- Exercise material -
=====

Definition parity_fill (ns : seq nat) (l : nat) (c : pos ns -> bool) :
  pos ns -> bool :=
  fun p => if is_last l p
           then xors [seq c q | q <- enum (pos ns) & same_line l p q && (q != p)]
           else c p.

(* u is the information vector; only its values at info positions matter.  *)
Definition encode (ns : seq nat) (u : pos ns -> bool) : pos ns -> bool :=
  foldl (fun c l => parity_fill l c) (fun p => info p && u p) (iota 0 (size ns)).

(* Binary erasure channel: None = erasure.                                  *)

Definition bec_out (ns : seq nat) (c : pos ns -> bool) (E : {set pos ns}) :
  pos ns -> option bool :=
  fun p => if p \in E then None else Some (c p).

(* specialisation of the check-node (box-plus) likelihood combination.      *)
Definition oxor (s : seq (option bool)) : option bool :=
  foldr (fun a acc => match a, acc with
                      | Some x, Some y => Some (x (+) y)
                      | _, _ => None
                      end) (Some false) s.

(* Elias' decoding: one sweep over the dimensions l = 0..m-1; at dimension  *)
(* l every line is decoded by the APP decoder of the SPC code, which over   *)
(* the BEC returns a known value for a symbol iff it is known or all other  *)
(* symbols of its line are known.  The decision on each information bit is  *)
(* its final value (erasure = tie).                                         *)

Definition elias_step (ns : seq nat) (l : nat) (y : pos ns -> option bool) :
  pos ns -> option bool :=
  fun p => if y p is Some b then Some b
           else oxor [seq y q | q <- enum (pos ns) & same_line l p q && (q != p)].

Definition elias_dec (ns : seq nat) (y : pos ns -> option bool) :
  pos ns -> option bool :=
  foldl (fun y l => elias_step l y) y (iota 0 (size ns)).

(* Successive cancellation decoding, defined recursively over the           *)
(* dimensions: the code on n_1 :: ns' is an SPC code of length n_1 whose    *)
(* symbols ("rows") are codewords of the code on ns'.  Rows r = 0..n_1-2    *)
(* are decoded in order: the observation of row r at column j is the        *)
(* channel symbol, combined (check-node rule) with the XOR of the already   *)
(* decided previous rows and the channel symbols of the later rows; row r   *)
(* is then SC-decoded in the code on ns', and its re-encoded estimate is    *)
(* used for the following rows.  The parity row is re-encoded at the end.   *)
(* The function returns the re-encoded estimate on every position; the      *)
(* decisions on the information bits are its values at info positions.     *)

Fixpoint sc_dec (ns : seq nat) : (pos ns -> option bool) -> pos ns -> option bool :=
  match ns return (pos ns -> option bool) -> pos ns -> option bool with
  | [::] => fun y => y
  | n :: ns' => fun y =>
      let rows :=
        foldl (fun (d : 'I_n -> pos ns' -> option bool) (r : 'I_n) =>
                 let obs : pos ns' -> option bool := fun j =>
                   if y (r, j) is Some b then Some b
                   else oxor ([seq d r' j | r' <- enum 'I_n & val r' < val r]
                              ++ [seq y (r', j) | r' <- enum 'I_n & val r < val r'])
                 in
                 let dr := @sc_dec ns' obs in
                 fun r' => if r' == r then dr else d r')
              (fun _ _ => None)
              [seq r <- enum 'I_n | val r < n.-1]
      in
      fun p => if val p.1 < n.-1 then rows p.1 p.2
               else oxor [seq rows r p.2 | r <- enum 'I_n & val r < n.-1]
  end.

=====

- Exercise directions -
Check each line of the entries for the string "returns". Copy the lines that have it.

- Expected answer -
(* the BEC returns a known value for a symbol iff it is known or all other  *)
(* The function returns the re-encoded estimate on every position; the      *)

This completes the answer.